The figure is a sectional view showing an example of a plywood seal structure, and FIG. 7 is a sectional view showing an example of a cover seal structure. 10... Filling device 11... Container 13... Filling port 19- 14... Inside of cover 21... Sterilization chamber 23...
Bottom plate 25... Top plate 27... Opening 3J... Door 3]a, 31])... Show piece 51... Cover 55... Control device 71... Filling pipe 73...
・7 Zuru 110...Bedplate 116...Orifice staff・Ri and 1 other person 592- 21- 20- 4ri 4C Procedural amendment (method) % formula % 2. Invention title filling device and method 3. Amendment Relationship to the person's case Applicant's name: CIE -'J- Corporation 4, agent's address: 1-1-5, Minami-Aoyama-chome, Minato-ku, Tokyo, date of amendment order (voluntary)

Claims (2)

[Claims] (1) A sterilized room that is isolated by a wall and where the filling operation (j) is performed; the filling opening of the container is grasped, the container is clamped freely, and
In the gripping state, the area around the filling port is sealed, the filling port is grasped, and the filling port is inserted into the sterilization chamber.
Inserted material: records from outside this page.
(* Let $n,a,t\in\mathbb N$ satisfy $t<a<n$. If $\mathcal F\subseteq\binom{[n]}{a}$ and $\mathcal G\subseteq\binom{[n]}{a}$ are such that $|F\cap G|\le t$ for all $F\in\mathcal F$ and $G\in\mathcal G$, then $$|\mathcal F|\cdot|\mathcal G|\le 32\,a(n-a)\cdot e^{-(a-t-1)^2/(20a)}\binom{n}{a}^2.$$
   Context: $[n]=\{1,\dots,n\}$ and $\binom{[n]}{a}$ denotes the family of all $a$-element subsets of $[n]$. *)

From mathcomp Require Import all_boot.
From Stdlib Require Import Reals.

(* Talagrand's inequality on the p-biased cube {0,1}^n says that for every
   nonempty A, E[z^d(x,A)] * mu(A) <= (1 + pq(z + 1/z - 2))^n, where d is the
   Hamming distance; it is proved by induction on n, splitting A along the
   first coordinate.  Identify sets with their characteristic vectors and take
   p = a/n, so that every a-set has the same weight W = p^a q^(n-a).  Every
   member of G is at distance at least 2(a - t) from F, hence
   |F| |G| W^2 z^(2(a-t)) <= (1 + pq(z + 1/z - 2))^n, and z = exp((a-t)/(2a))
   turns this into |F| |G| W^2 <= exp(-(a-t-1)^2/(10a)).  Finally C(n,a) W,
   the mode of the binomial distribution, is at least 1/(n+1), and the
   trivial bound |F| |G| <= C(n,a)^2 covers the range where the exponential
   factor is large. *)

From HB Require Import structures.
From mathcomp Require Import all_boot zify.
From Stdlib Require Import Reals Lra Lia Psatz.
(* [Reals] rebinds [^] on [nat] to [Nat.pow]; restore [expn]. *)
Import ssrnat.

HB.instance Definition _ := Monoid.isComLaw.Build R 0%R Rplus
  (fun x y z => esym (Rplus_assoc x y z)) Rplus_comm Rplus_0_l.

Notation "\sum_ ( i <- r | P ) F" := (\big[Rplus/0%R]_(i <- r | P) F%R) : R_scope.
Notation "\sum_ ( i <- r ) F" := (\big[Rplus/0%R]_(i <- r) F%R) : R_scope.

Open Scope R_scope.

Section RealSums.
Context {T : eqType} {s : seq T}.

Lemma sumR_ge0 (P : pred T) (f : T -> R) :
  (forall x, x \in s -> P x -> 0 <= f x) -> 0 <= \sum_(x <- s | P x) f x.
Proof.
move=> f_ge0; rewrite big_seq_cond; apply: (big_ind (fun u => 0 <= u)); [lra | move=> *; lra |].
by move=> x /andP [xs Px]; apply: f_ge0.
Qed.

Lemma ler_sumR (f g : T -> R) :
  (forall x, x \in s -> f x <= g x) -> \sum_(x <- s) f x <= \sum_(x <- s) g x.
Proof.
move=> fg; rewrite !big_seq; apply: (big_ind2 (fun u v => u <= v)) => //; [lra | move=> *; lra].
Qed.

Lemma sumR_distrr (c : R) (f : T -> R) : \sum_(x <- s) c * f x = c * \sum_(x <- s) f x.
Proof. by apply: (big_rec2 (fun u v => u = c * v)) => [|x u v _ ->]; ring. Qed.

Lemma sumR_mkcond (P : pred T) (f : T -> R) :
  \sum_(x <- s | P x) f x = \sum_(x <- s) (if P x then f x else 0).
Proof. exact: big_mkcond. Qed.

Lemma sumR_const (c : R) : \sum_(x <- s) c = INR (size s) * c.
Proof.
elim: s => [|x s' IH]; first by rewrite big_nil /=; ring.
by rewrite big_cons IH (S_INR (size s')); ring.
Qed.

End RealSums.

(** * The hypercube and Hamming distance *)

Close Scope R_scope.

Fixpoint cube n : seq (seq bool) :=
  if n is m.+1 then map (cons true) (cube m) ++ map (cons false) (cube m) else [:: [::]].

Lemma cons_inj (b : bool) : injective (cons b). Proof. by move=> x y []. Qed.

Lemma mem_cube n x : (x \in cube n) = (size x == n).
Proof.
elim: n x => [|n IH] [|b x] //=; rewrite mem_cat.
  by apply/norP; split; apply/mapP => [[]].
rewrite eqSS -IH; case: b; rewrite (mem_map (@cons_inj _)).
  by rewrite orbC; case: mapP => // [[]].
by case: mapP => // [[]].
Qed.

Lemma mem_cube_cons n b x : (b :: x \in cube n.+1) = (x \in cube n).
Proof. by rewrite !mem_cube. Qed.

Lemma cube_uniq n : uniq (cube n).
Proof.
elim: n => [|n IH] //=; rewrite cat_uniq !(map_inj_uniq (@cons_inj _)) IH andbT.
by apply/hasPn => _ /mapP [y _ ->]; apply/mapP => [[]].
Qed.

Definition ham (x y : seq bool) : nat := count (fun bc => bc.1 != bc.2) (zip x y).

Lemma ham_le_size x y : ham x y <= size y.
Proof. by rewrite /ham (leq_trans (count_size _ _)) // size_zip geq_minr. Qed.

Lemma ham_map (T : Type) (P Q : pred T) (s : seq T) :
  ham (map P s) (map Q s) = count (fun i => P i != Q i) s.
Proof. by rewrite /ham zip_map count_map. Qed.

Section BigMin.
Variables (T : eqType) (d : nat) (P : pred T) (f : T -> nat).

Lemma bigmin_le s {y} : y \in s -> P y -> \big[minn/d]_(x <- s | P x) f x <= f y.
Proof.
elim: s => [|x s IH] //; rewrite in_cons big_cons => /predU1P [<- -> | ys Py].
  exact: geq_minl.
by case: ifP => _; rewrite ?geq_min IH ?orbT.
Qed.

Lemma bigmin_attained s :
  \big[minn/d]_(x <- s | P x) f x = d \/
  exists2 y, y \in s & P y /\ \big[minn/d]_(x <- s | P x) f x = f y.
Proof.
rewrite big_seq_cond; elim/big_ind: _ => [|u v Ku Kv|y /andP [ys Py]]; first by left.
  by case: leqP.
by right; exists y.
Qed.

End BigMin.

(* [n.+1] exceeds every Hamming distance within [cube n]; it is only reached when [A]
   misses the cube. *)
Definition dist n (A : pred (seq bool)) x := \big[minn/n.+1]_(y <- cube n | A y) ham x y.

Lemma dist_le {n} {A : pred (seq bool)} x {y} : y \in cube n -> A y -> dist n A x <= ham x y.
Proof. exact: bigmin_le. Qed.

Lemma dist_attained {n} {A : pred (seq bool)} x :
  has A (cube n) -> exists2 y, y \in cube n & A y /\ dist n A x = ham x y.
Proof.
case/hasP=> y0 y0n Ay0; case: (@bigmin_attained _ n.+1 A (ham x) (cube n)) => // dist_top.
have := leq_trans (dist_le x y0n Ay0) (ham_le_size x y0).
by rewrite /dist dist_top mem_cube in y0n *; rewrite (eqP y0n) ltnn.
Qed.

(** * Talagrand's inequality on the biased cube *)

Open Scope R_scope.

Lemma add_inv_le (r z : R) : 1 <= r <= z -> r + / r <= z + / z.
Proof.
move=> [r_ge1 r_le_z].
have gap : z + / z - (r + / r) = (z - r) * (r * z - 1) * / (r * z) by field; lra.
have : 0 <= (z - r) * (r * z - 1) by apply: Rmult_le_pos; nra.
have : 0 < / (r * z) by apply: Rinv_0_lt_compat; nra.
nra.
Qed.

Lemma cross_products_le (z K M m0 m1 E0 E1 : R) :
  1 <= z -> 0 <= K -> 0 <= m1 <= m0 -> m0 <= M -> 0 <= E0 -> 0 <= E1 ->
  E1 * M <= z * K -> E0 * m0 <= K -> E1 * m1 <= K ->
  E1 * m0 + E0 * m1 <= K * (z + / z).
Proof.
move=> z_ge1 K_ge0 [m1_ge0 m10] m0M E0_ge0 E1_ge0 E1M E0m0 E1m1.
case: (Rle_lt_dec (z * m1) m0) => [zm1_le | m0_lt].
- have E0m1 : E0 * m1 <= K * / z.
    have : z * / z = 1 by field; lra.
    have : 0 < / z by apply: Rinv_0_lt_compat; lra.
    nra.
  nra.
- (* [m0 / m1] lies in [1, z]; trade it against [z] via [r + 1/r <= z + 1/z]. *)
  have m1_gt0 : 0 < m1 by nra.
  set r := m0 / m1.
  have m0E : m0 = r * m1 by rewrite /r; field; lra.
  have r_ge1 : 1 <= r by apply: (Rmult_le_reg_r m1); nra.
  have r_le_z : r <= z by apply: (Rmult_le_reg_r m1); nra.
  have E1m0 : E1 * m0 <= K * r by rewrite m0E; nra.
  have E0m1 : E0 * m1 <= K * / r.
    have : r * / r = 1 by field; lra.
    have : 0 < / r by apply: Rinv_0_lt_compat; lra.
    nra.
  have := @add_inv_le r z (conj r_ge1 r_le_z); nra.
Qed.
(* Every WHB-algebra $\mathbf A$ is isomorphic to a subalgebra of $\mathcal A(\mathcal F(\mathbf A))=(\mathrm{Up}(X(\mathbf A)),\cap,\cup,\Rightarrow_{R_{\mathbf A}},\Leftarrow_{S_{\mathbf A}},\emptyset,X(\mathbf A))$.
   Context: A WHB-algebra is an algebra $(A,\wedge,\vee,\to,\leftarrow,0,1)$ such that $(A,\wedge,\vee,0,1)$ is a bounded distributive lattice and for all $a,b,c\in A$: $a\to a=1$; $a\to(b\wedge c)=(a\to b)\wedge(a\to c)$; $(a\vee b)\to c=(a\to c)\wedge(b\to c)$; $(a\to b)\wedge(b\to c)\le a\to c$; $a\leftarrow a=0$; $(a\vee b)\leftarrow c=(a\leftarrow c)\vee(b\leftarrow c)$; $a\leftarrow(b\wedge c)=(a\leftarrow b)\vee(a\leftarrow c)$; $a\leftarrow c\le(a\leftarrow b)\vee(b\leftarrow c)$; $a\wedge((a\to b)\leftarrow 0)\le b$; $a\le b\vee(1\to(a\leftarrow b))$. $X(\mathbf A)$ is the set of prime filters of $\mathbf A$, ordered by inclusion; $\mathrm{Up}(X(\mathbf A))$ is the set of its upsets. $(P,Q)\in R_{\mathbf A}$ iff for all $a,b$, $a\to b\in P$ and $a\in Q$ imply $b\in Q$; $(P,Q)\in S_{\mathbf A}$ iff for all $a,b$, $a\in Q$ and $b\notin Q$ imply $a\leftarrow b\in P$. $\mathcal F(\mathbf A)=(X(\mathbf A),\subseteq,R_{\mathbf A},S_{\mathbf A})$. For upsets $U,V$: $U\Rightarrow_R V=\{x\colon R(x)\cap U\subseteq V\}$ and $U\Leftarrow_S V=\{x\colon S(x)\cap(U\setminus V)\neq\emptyset\}$, where $\mathcal R(x)=\{y\colon(x,y)\in\mathcal R\}$. *)

From Stdlib Require Import Classical FunctionalExtensionality PropExtensionality.

Set Implicit Arguments.

Record WHB := {
  car :> Type;
  meet : car -> car -> car;
  join : car -> car -> car;
  imp : car -> car -> car;
  coimp : car -> car -> car;
  bot : car;
  top : car;
  meetA : forall a b c, meet a (meet b c) = meet (meet a b) c;
  joinA : forall a b c, join a (join b c) = join (join a b) c;
  meetC : forall a b, meet a b = meet b a;
  joinC : forall a b, join a b = join b a;
  meet_absorb : forall a b, meet a (join a b) = a;
  join_absorb : forall a b, join a (meet a b) = a;
  meet_joinD : forall a b c, meet a (join b c) = join (meet a b) (meet a c);
  join_bot : forall a, join a bot = a;
  meet_top : forall a, meet a top = a;
  (* WHB axioms, with a <= b  :=  meet a b = a *)
  imp_refl : forall a, imp a a = top;
  imp_meet : forall a b c, imp a (meet b c) = meet (imp a b) (imp a c);
  imp_join : forall a b c, imp (join a b) c = meet (imp a c) (imp b c);
  imp_trans : forall a b c,
      meet (meet (imp a b) (imp b c)) (imp a c) = meet (imp a b) (imp b c);
  coimp_refl : forall a, coimp a a = bot;
  coimp_join : forall a b c, coimp (join a b) c = join (coimp a c) (coimp b c);
  coimp_meet : forall a b c, coimp a (meet b c) = join (coimp a b) (coimp a c);
  coimp_trans : forall a b c,
      meet (coimp a c) (join (coimp a b) (coimp b c)) = coimp a c;
  ax9 : forall a b, meet (meet a (coimp (imp a b) bot)) b
                    = meet a (coimp (imp a b) bot);
  ax10 : forall a b, meet a (join b (imp top (coimp a b))) = a
}.

Arguments meet {w} _ _.
Arguments join {w} _ _.
Arguments imp {w} _ _.
Arguments coimp {w} _ _.

Section Frame.
Variable A : WHB.

Definition le (a b : A) : Prop := meet a b = a.

Definition prime_filter (P : A -> Prop) : Prop :=
  P (top A) /\
  (forall a b, P a -> le a b -> P b) /\
  (forall a b, P a -> P b -> P (meet a b)) /\
  ~ P (bot A) /\
  (forall a b, P (join a b) -> P a \/ P b).

Definition pfilter : Type := { P : A -> Prop | prime_filter P }.

Definition pf (P : pfilter) : A -> Prop := proj1_sig P.

Definition pf_le (P Q : pfilter) : Prop := forall a, pf P a -> pf Q a.

Definition is_upset (U : pfilter -> Prop) : Prop :=
  forall P Q, pf_le P Q -> U P -> U Q.

Definition RA (P Q : pfilter) : Prop :=
  forall a b, pf P (imp a b) -> pf Q a -> pf Q b.

Definition SA (P Q : pfilter) : Prop :=
  forall a b, pf Q a -> ~ pf Q b -> pf P (coimp a b).

Definition set_cap (U V : pfilter -> Prop) : pfilter -> Prop :=
  fun x => U x /\ V x.
Definition set_cup (U V : pfilter -> Prop) : pfilter -> Prop :=
  fun x => U x \/ V x.
Definition set_empty : pfilter -> Prop := fun _ => False.
Definition set_full : pfilter -> Prop := fun _ => True.

Definition impR (U V : pfilter -> Prop) : pfilter -> Prop :=
  fun x => forall y, RA x y -> U y -> V y.

Definition coimpS (U V : pfilter -> Prop) : pfilter -> Prop :=
  fun x => exists y, SA x y /\ U y /\ ~ V y.

Definition embeds_into_complex_algebra (h : A -> (pfilter -> Prop)) : Prop :=
  (forall a, is_upset (h a)) /\
  (forall a b, h a = h b -> a = b) /\
  (forall a b, h (meet a b) = set_cap (h a) (h b)) /\
  (forall a b, h (join a b) = set_cup (h a) (h b)) /\
  (forall a b, h (imp a b) = impR (h a) (h b)) /\
  (forall a b, h (coimp a b) = coimpS (h a) (h b)) /\
  h (bot A) = set_empty /\
  h (top A) = set_full.

End Frame.

(* The embedding is the Stone map, sending a to the set of prime filters
   containing it.  Meets, joins and the bounds are preserved because the
   filters are prime, and injectivity is the prime filter theorem.  The
   inclusion of [stone a ⇒_R stone b] in [stone (a → b)] needs, when
   [a → b ∉ P], a prime filter [Q] with [R P Q], [a ∈ Q] and [b ∉ Q]: take
   the complement of an ideal containing [b] that is maximal among the ideals
   disjoint from the filter {x | a → x ∈ P}; maximality says that each
   [x ∈ Q] has some [i ∉ Q] with [a → (i ∨ x) ∈ P], and this yields [R P Q].
   Dually, for [a ← b ∈ P] one takes a filter containing [a] maximal among
   those disjoint from the ideal {x | x ← b ∉ P}.  Both come from a single
   Zorn argument, applied to the lattice of [A] and to its order dual. *)

From Stdlib Require Import Classical FunctionalExtensionality PropExtensionality.
From mathcomp Require classical_sets.

Set Implicit Arguments.

Lemma zorn_subset (T : Type) (P : (T -> Prop) -> Prop) :
  (forall C : (T -> Prop) -> Prop, (forall X, C X -> P X) ->
     (forall X Y, C X -> C Y -> (forall t, X t -> Y t) \/ (forall t, Y t -> X t)) ->
     P (fun t => exists2 X, C X & X t)) ->
  exists M, P M /\ forall B, P B -> (forall t, M t -> B t) -> forall t, B t -> M t.
Proof.
intros Hchain.
destruct (@classical_sets.Zorn_bigcup T P Hchain) as [M [PM Mmax]].
exists M; split; [exact PM|].
intros B PB MB t Bt. apply NNPP; intros nMt.
apply (Mmax B); [split; [exact MB|] | exact PB].
intros BM. exact (nMt (BM t Bt)).
Qed.

Section DistributiveLattice.

Variables (T : Type) (m j : T -> T -> T).
Hypotheses (mA : forall x y z, m x (m y z) = m (m x y) z)
  (jA : forall x y z, j x (j y z) = j (j x y) z)
  (mC : forall x y, m x y = m y x) (jC : forall x y, j x y = j y x)
  (mjK : forall x y, m x (j x y) = x) (jmK : forall x y, j x (m x y) = x)
  (jmD : forall x y z, j x (m y z) = m (j x y) (j x z)).

Local Notation "x ⊑ y" := (m x y = x) (at level 70).

Lemma lat_le_refl x : x ⊑ x.
Proof. rewrite <- (jmK x x) at 2. apply mjK. Qed.

Lemma lat_le_trans x y z : x ⊑ y -> y ⊑ z -> x ⊑ z.
Proof. intros Hxy Hyz. rewrite <- Hxy, <- mA, Hyz. reflexivity. Qed.

Lemma lat_le_join_eq x y : x ⊑ y <-> j x y = y.
Proof.
split; intros H.
- rewrite <- H, jC, mC. apply jmK.
- rewrite <- H. apply mjK.
Qed.

Lemma lat_le_joinl x y : x ⊑ j x y.
Proof. apply mjK. Qed.

Lemma lat_le_joinr x y : y ⊑ j x y.
Proof. rewrite jC. apply mjK. Qed.

Lemma lat_join_lub x y z : x ⊑ z -> y ⊑ z -> j x y ⊑ z.
Proof.
rewrite !lat_le_join_eq. intros Hx Hy. rewrite <- jA, Hy, Hx. reflexivity.
Qed.

Lemma lat_join_mono x y x' y' : x ⊑ x' -> y ⊑ y' -> j x y ⊑ j x' y'.
Proof.
intros Hx Hy. apply lat_join_lub.
- apply lat_le_trans with x'; [exact Hx | apply lat_le_joinl].
- apply lat_le_trans with y'; [exact Hy | apply lat_le_joinr].
Qed.

Definition down_closed (I : T -> Prop) := forall x y, I y -> x ⊑ y -> I x.
Definition up_closed (F : T -> Prop) := forall x y, F x -> x ⊑ y -> F y.
Definition join_closed (I : T -> Prop) := forall x y, I x -> I y -> I (j x y).
Definition meet_closed (F : T -> Prop) := forall x y, F x -> F y -> F (m x y).

(* The ideals disjoint from [F] that contain [b] unless empty; the empty set is
   admitted so that the union of the empty chain qualifies. *)
Definition avoiding_ideal (F : T -> Prop) b (I : T -> Prop) :=
  down_closed I /\ join_closed I /\ (forall x, I x -> ~ F x) /\ ((exists x, I x) -> I b).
During filling, the sterilization chamber is isolated from the outside, and after filling is completed, the filling port is separated from the sterilization chamber. and a means for isolating the sterilization chamber from the outside when the clamping means is in an open position for releasing the filling port. A filling device that performs (2) The filling port of the container is clamped by a clamping means to the opening of the sterilization chamber where the filling operation is to be performed, and the filling device (located in the sterilization chamber) fills the container through the filling port. The clamping means seals the opening in which the optical filling port is located 1, thereby cutting off communication between the sterilization chamber and the outside, and placing the filling port in an open state in which the clamping device does not clamp the filling port before and after filling. In some cases, the opening of the sterilization chamber is closed with a member to cut off communication between the sterilization chamber and the outside.